Three metrics were created: normalized, age-adjusted, and weighted mean squared error (MSE). Predictive performance metrics were used to compare linear mixed effects models and functional regression models. Prediction accuracy was assessed by partitioning the observed data into training and test datasets. This partitioning was constructed to assess prediction accuracy for backward (i.e., early growth), forward (i.e., late growth), in-range, and on new-individuals. Analyses were done with height measurements from 215 Peruvian children with data spanning from near birth to 2 years of age.
Functional models outperformed linear mixed effects models in all scenarios tested. In particular, prediction errors for functional concurrent regression (FCR) and functional principal component analysis models were approximately 6% lower when compared to linear mixed effects models. When we weighted subject-specific MSEs according to subject-specific growth rates during infancy, we found that FCR was the best performer in all scenarios.
With this novel approach, we can quantitatively compare non-nested models and weight subgroups of interest to select the best performing growth model for a particular application or problem at hand.
围绕儿童生长数据统计建模的文献涉及一系列不同的潜在模型,供研究人员选择。然而,缺乏一个用于比较非嵌套模型的综合框架,导致难以评估模型性能。
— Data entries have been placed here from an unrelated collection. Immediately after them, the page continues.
(* Consider the following kinetic transport model. Let $\{Z_k\}_{k\ge1}$ be a Markov chain on the two states $\{\mathrm{F},\mathrm{A}\}$ with initial distribution $\lambda=(\lambda_{\mathrm F},\lambda_{\mathrm A})$ and transition matrix $$\begin{pmatrix}1-a & a\\ b & 1-b\end{pmatrix}$$ (rows and columns indexed by $\mathrm F,\mathrm A$), $a,b\in[0,1]$. Let $K_n=\sum_{k=1}^n \mathbf 1_{\{Z_k=\mathrm F\}}$ and $f_n(k)=P(K_n=k)$. Independently of $\{Z_k\}$, let $(X_k,Y_k)_{k\ge1}$ be i.i.d. with $$P((X_k,Y_k)=(1,j))=\alpha,\qquad P((X_k,Y_k)=(-1,j))=\beta\qquad (j=\pm1),$$ where $\alpha,\beta\ge0$, $\alpha+\beta=1/2$. Let $\tilde S(n)=(\tilde S_X(n),\tilde S_Y(n))=\sum_{k=1}^{K_n}(X_k+1,Y_k)$. Then for $n\ge1$, $0\le x\le n$ and $-n\le y\le n$, $$P(\tilde S(n)=(2x,y))=\sum_{k=x}^n f_n(k)\binom{k}{x}\binom{k}{\frac{k+y}{2}}\alpha^x\beta^{k-x},$$ and (whenever $P(\tilde S_X(n)=2x)>0$) $$\operatorname{Var}(\tilde S_Y(n)\mid \tilde S_X(n)=2x)=\frac{\sum_{k=x}^n k\,f_n(k)\binom{k}{x}(2\alpha)^x(2\beta)^{k-x}}{\sum_{k=x}^n f_n(k)\binom{k}{x}(2\alpha)^x(2\beta)^{k-x}}.$$
   Context: The binomial coefficient $\binom{k}{m}$ is taken to be $0$ when $m$ is not an integer in $\{0,\dots,k\}$ (so only $k\equiv y \pmod 2$ contribute in the first formula). *)

From HB Require Import structures.
From mathcomp Require Import all_boot all_order all_algebra.
Set Implicit Arguments. Unset Strict Implicit. Unset Printing Implicit Defensive.
Import Order.TTheory GRing.Theory Num.Theory.
Local Open Scope ring_scope.

(* sample space of the first n steps: the chain Z_1..Z_n and n i.i.d. steps
   (X_1,Y_1)..(X_n,Y_n); only the first K_n <= n steps are used *)
Definition Omega (n : nat) : finType :=
  (n.-tuple bool * n.-tuple (bool * bool))%type.

Definition sgn1 (b : bool) : int := if b then 1 else -1.

Definition Kn (n : nat) (w : Omega n) : nat := count id w.1.

Definition SX (n : nat) (w : Omega n) : int :=
  \sum_(i < n | (i < Kn w)%N) (sgn1 (tnth w.2 i).1 + 1).
Definition SY (n : nat) (w : Omega n) : int :=
  \sum_(i < n | (i < Kn w)%N) sgn1 (tnth w.2 i).2.

(* binomial coefficient C(k, (k+y)/2), taken to be 0 unless (k+y)/2 is an
   integer in {0..k} *)
Definition binhalf (k : nat) (y : int) : nat :=
  match (k%:Z + y)%R with
  | Posz m => if odd m then 0%N else 'C(k, m./2)
  | Negz _ => 0%N
  end.

Section Model.
Variable R : realFieldType.
Variables (lamF lamA a b al be : R).

(* state encoding: true = F, false = A *)
Definition init_prob (s : bool) : R := if s then lamF else lamA.

Definition trans_prob (s t : bool) : R :=
  match s, t with
  | true, true => 1 - a
  | true, false => a
  | false, true => b
  | false, false => 1 - b
  end.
本文基于对均方误差标准的修改,提出了一个使用预测准确性新指标来比较非嵌套生长模型的框架。
创建了三个指标:归一化、年龄调整和加权均方误差(MSE)。使用预测性能指标来比较线性混合效应模型和功能回归模型。通过将观测数据划分为训练和测试数据集来评估预测准确性。这种划分旨在评估向后(即早期生长)、向前(即晚期生长)、范围内以及对新个体的预测准确性。使用来自215名秘鲁儿童的身高测量数据进行分析,数据涵盖从接近出生到2岁。
在所有测试场景中,功能模型的表现均优于线性混合效应模型。特别是,与线性混合效应模型相比,功能并发回归(FCR)和功能主成分分析模型的预测误差大约低6%。当我们根据婴儿期个体特定的生长速率对个体特定的MSE进行加权时,我们发现FCR在所有场景中表现最佳。
通过这种新方法,我们可以定量比较非嵌套模型,并对感兴趣的亚组进行加权,以选择针对特定应用或手头问题表现最佳的生长模型。